Gifts don’t mean anything
One of the best male traits that most girls dream about is gifting flowers. Alek is showering me with flowers, chocolates, and compliments. He surprises me with some spontaneous trips and lovely texts. But unfortunately, as much as I appreciate his efforts, those gifts don’t make me happy. On the contrary, I get frustrated and start pitying him. He is great, but I don’t love him.
Love starts in the heart, not in the mind
My friend often tells me that I’m too picky and pesky. She says that I was blessed to meet an ideal man and I’m so ungrateful. I do realize it at times. But love starts in the heart, not in the mind. I have tried hundred times to make myself to fall in love with him and marry him – I know our family would be strong and happy, but love…

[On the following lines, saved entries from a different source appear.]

Lemma sumN_abs f N : Rabs (sumN f N) <= sumN (fun i => Rabs (f i)) N.
Proof.
  induction N as [|N IH]; simpl.
  - rewrite Rabs_R0; lra.
  - eapply Rle_trans; [apply Rabs_triang | lra].
Qed.

Lemma partition_bounds (x : nat -> R) N : (forall i, (i < N)%nat -> x i <= x (S i)) ->
  forall i, (i <= N)%nat -> x O <= x i <= x N.
Proof.
  intros Hmon. assert (Hlo : forall i, (i <= N)%nat -> x O <= x i).
  { induction i as [|i IH]; intros Hi; [lra|]. specialize (Hmon i ltac:(lia)). specialize (IH ltac:(lia)). lra. }
  assert (Hhi : forall m, (m <= N)%nat -> x (N - m)%nat <= x N).
  { induction m as [|m IH]; intros Hm; [rewrite Nat.sub_0_r; lra|].
    specialize (IH ltac:(lia)). specialize (Hmon (N - S m)%nat ltac:(lia)).
    replace (S (N - S m)) with (N - m)%nat in Hmon by lia. lra. }
  intros i Hi. split; [auto|].
  pose proof (Hhi (N - i)%nat ltac:(lia)) as H. replace (N - (N - i))%nat with i in H by lia. exact H.
Qed.

Definition RS_sum (f al : R -> R) (x : nat -> R) (N : nat) : R :=
  sumN (fun i => f (x i) * (al (x (S i)) - al (x i))) N.

Lemma RS_sum_deviation f al (x : nat -> R) N a b c w :
  x O = a -> x N = b -> (forall i, (i < N)%nat -> x i <= x (S i)) ->
  (forall t, a <= t <= b -> Rabs (f t - c) <= w) ->
  (forall s t, a <= s -> s <= t -> t <= b -> al s <= al t) ->
  Rabs (RS_sum f al x N - c * (al b - al a)) <= w * (al b - al a).
Proof.
  intros Hx0 HxN Hmon Hw Hal.
  pose proof (partition_bounds x N Hmon) as Hin. rewrite Hx0, HxN in Hin.
  assert (Htel : al b - al a = sumN (fun i => al (x (S i)) - al (x i)) N)
    by (rewrite (sumN_tele (fun i => al (x i))), Hx0, HxN; reflexivity).
  rewrite Htel, <- !sumN_scal. unfold RS_sum. rewrite <- sumN_minus.
  eapply Rle_trans; [apply sumN_abs|]. apply sumN_le. intros i Hi.
  pose proof (Hin i ltac:(lia)). pose proof (Hin (S i) ltac:(lia)). pose proof (Hmon i Hi).
  assert (Hinc : 0 <= al (x (S i)) - al (x i)) by (assert (al (x i) <= al (x (S i))) by (apply Hal; lra); lra).
  replace (f (x i) * (al (x (S i)) - al (x i)) - c * (al (x (S i)) - al (x i)))
    with ((f (x i) - c) * (al (x (S i)) - al (x i))) by ring.
  rewrite Rabs_mult, (Rabs_right (al (x (S i)) - al (x i))) by lra.
  apply Rmult_le_compat_r; [lra | apply Hw; lra].
Qed.

Definition unif_part (a b : R) (N : nat) (i : nat) : R := a + INR i * ((b - a) / INR N).

Lemma unif_part_0 a b N : unif_part a b N O = a.
Proof. unfold unif_part; simpl; ring. Qed.

Lemma unif_part_N a b N : (0 < N)%nat -> unif_part a b N N = b.
Proof. intros HN. assert (0 < INR N) by (apply lt_0_INR; lia). unfold unif_part; field; lra. Qed.

Lemma unif_part_step a b N i : unif_part a b N (S i) - unif_part a b N i = (b - a) / INR N.
Proof. unfold unif_part; rewrite S_INR; ring. Qed.

Definition concat_part (x y : nat -> R) (N : nat) (i : nat) : R :=
  if (i <=? N)%nat then x i else y (i - N)%nat.

Lemma concat_part_left x y N i : (i <= N)%nat -> concat_part x y N i = x i.
Proof. intros Hi; unfold concat_part. destruct (Nat.leb_spec i N); [reflexivity | lia]. Qed.

Lemma concat_part_right x y N j : x N = y O -> concat_part x y N (N + j) = y j.
Proof.
  intros Hxy; unfold concat_part. destruct (Nat.leb_spec (N + j) N).
  - replace j with O by lia. rewrite Nat.add_0_r. exact Hxy.
  - f_equal; lia.
Qed.

Lemma concat_part_cells (P : R -> R -> Prop) x y N M : x N = y O ->
  (forall j, (j < N)%nat -> P (x j) (x (S j))) -> (forall j, (j < M)%nat -> P (y j) (y (S j))) ->
  forall i, (i < N + M)%nat -> P (concat_part x y N i) (concat_part x y N (S i)).
Proof.
  intros Hxy Hx Hy i Hi. destruct (Nat.lt_ge_cases i N).
  - rewrite !concat_part_left by lia. auto.
  - replace i with (N + (i - N))%nat by lia. replace (S (N + (i - N))) with (N + S (i - N))%nat by lia.
    rewrite !concat_part_right by exact Hxy. apply Hy; lia.
Qed.

Lemma RS_sum_concat f al x y N M : x N = y O ->
  RS_sum f al (concat_part x y N) (N + M) = RS_sum f al x N + RS_sum f al y M.
Proof.
  intros Hxy. unfold RS_sum. rewrite sumN_split. f_equal.
  - apply sumN_ext; intros i Hi. rewrite !concat_part_left by lia. reflexivity.
  - apply sumN_ext; intros i Hi. replace (S (N + i)) with (N + S i)%nat by lia.
    rewrite !concat_part_right by exact Hxy. reflexivity.
Qed.

Lemma uniform_mesh_small L d : 0 < d -> exists N, (0 < N)%nat /\ 0 < INR N /\ L / INR N < d.
Proof.
  intros Hd. destruct (INR_unbounded (L / d)) as [N0 HN0]. exists (S N0).
  assert (HNpos : 0 < INR (S N0)) by (apply lt_0_INR; lia). split; [lia | split; [exact HNpos|]].
  apply Rmult_lt_reg_r with (INR (S N0) / d); [apply Rdiv_lt_0_compat; lra|].
  replace (L / INR (S N0) * (INR (S N0) / d)) with (L / d) by (field; lra).
  replace (d * (INR (S N0) / d)) with (INR (S N0)) by (field; lra).
  rewrite S_INR; lra.
Qed.

(* The two integrals are compared on uniform partitions of
   [u,a] and of [u,b] = [u,a] ++ [a,b]. *)
Lemma RS_increment f al u a b I1 I2 c w : u < a -> a < b ->
  RS_integral f al u a I1 -> RS_integral f al u b I2 ->
  (forall t, a <= t <= b -> Rabs (f t - c) <= w) ->
  (forall s t, a <= s -> s <= t -> t <= b -> al s <= al t) ->
  Rabs (I2 - I1 - c * (al b - al a)) <= w * (al b - al a).
Proof.
  intros Hua Hab H1 H2 Hw Hal. apply Rle_plus_epsilon. intros eps Heps.
  destruct (H1 (eps / 2)) as [d1 [Hd1 Hs1]]; [lra|].
  destruct (H2 (eps / 2)) as [d2 [Hd2 Hs2]]; [lra|].
  set (d := Rmin d1 d2). assert (d <= d1) by apply Rmin_l. assert (d <= d2) by apply Rmin_r.
  assert (Hd : 0 < d) by (apply Rmin_pos; lra).
  destruct (uniform_mesh_small (b - u) d Hd) as [N [HN [HNpos Hmesh]]].
  assert (Hsmall : forall p q, p <= q <= b -> u <= p -> (q - p) / INR N < d).
  { intros p q Hpq Hp. apply Rle_lt_trans with ((b - u) / INR N); [|exact Hmesh].
    unfold Rdiv; apply Rmult_le_compat_r; [left; apply Rinv_0_lt_compat|]; lra. }
  set (x := unif_part u a N). set (y := unif_part a b N).
  assert (Hxy : x N = y O) by (unfold x, y; rewrite unif_part_N, unif_part_0 by (exact HN); reflexivity).
  assert (Hxc : forall j, (j < N)%nat -> x j <= x j <= x (S j) /\ x (S j) - x j < d).
  { intros j _. unfold x; pose proof (unif_part_step u a N j). pose proof (Hsmall u a ltac:(lra) ltac:(lra)).
    assert (0 < (a - u) / INR N) by (apply Rdiv_lt_0_compat; lra). lra. }
  assert (Hyc : forall j, (j < N)%nat -> y j <= y j <= y (S j) /\ y (S j) - y j < d).
  { intros j _. unfold y; pose proof (unif_part_step a b N j). pose proof (Hsmall a b ltac:(lra) ltac:(lra)).
    assert (0 < (b - a) / INR N) by (apply Rdiv_lt_0_compat; lra). lra. }
  assert (A1 : Rabs (RS_sum f al x N - I1) < eps / 2).
  { apply Hs1; [apply unif_part_0 | apply unif_part_N; exact HN | |];
      intros j Hj; specialize (Hxc j Hj); lra. }
  assert (A2 : Rabs (RS_sum f al x N + RS_sum f al y N - I2) < eps / 2).
  { rewrite <- RS_sum_concat by exact Hxy.
    pose proof (concat_part_cells (fun p q => p <= p <= q /\ q - p < d) x y N N Hxy Hxc Hyc) as Hc.
    apply Hs2.
    - rewrite concat_part_left by lia. apply unif_part_0.
    - rewrite concat_part_right by exact Hxy. apply unif_part_N; exact HN.
    - intros i Hi; destruct (Hc i Hi); lra.
    - intros i Hi; destruct (Hc i Hi); lra. }
  assert (A3 : Rabs (RS_sum f al y N - c * (al b - al a)) <= w * (al b - al a)).
  { apply RS_sum_deviation with (a := a) (b := b); auto.
    - apply unif_part_0.
    - apply unif_part_N; exact HN.
    - intros j Hj; specialize (Hyc j Hj); lra. }
  apply Rabs_def2 in A1. apply Rabs_def2 in A2. apply Rabs_le_bounds in A3.
  apply Rabs_le. lra.
Qed.

Lemma RS_scal f g al a b I C : RS_integral f al a b I -> (forall t, g t = C * f t) ->
  RS_integral g al a b (C * I).
Proof.
  intros H Hg eps Heps. pose proof (Rabs_pos C).
  destruct (H (eps / (Rabs C + 1))) as [d [Hd Hs]]; [apply Rdiv_lt_0_compat; lra|].
  exists d; split; [exact Hd|]. intros N x xi Hx0 HxN Ht Hm.
  specialize (Hs N x xi Hx0 HxN Ht Hm).
  set (err := sumN (fun i => f (xi i) * (al (x (S i)) - al (x i))) N - I) in Hs.
  replace (sumN (fun i => g (xi i) * (al (x (S i)) - al (x i))) N - C * I) with (C * err).
  2:{ unfold err. rewrite Rmult_minus_distr_l, <- sumN_scal. f_equal. apply sumN_ext; intros; rewrite Hg; ring. }
  rewrite Rabs_mult. pose proof (Rabs_pos err).
  apply Rle_lt_trans with ((Rabs C + 1) * Rabs err); [nra|].
  replace eps with ((Rabs C + 1) * (eps / (Rabs C + 1))) by (field; lra).
  apply Rmult_lt_compat_l; lra.
Qed.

Family is nothing without love
Today, I’m stuck between “this guy will be a wonderful husband and father to my future kids” and “I don’t love him.” I believe a family without love is nothing because I was grown up with the parents who have never loved each other. Children feel it and suffer from it. I don’t want my future children to experience everything that I did in a family without love.
I’m sure, Alek will find someone who will love him and care for him… who will make him happy. I won’t be able to do it, no matter how I respect him and like him as a friend. He still tries his best to win my heart, but unfortunately, I don’t have enough power to make myself love him.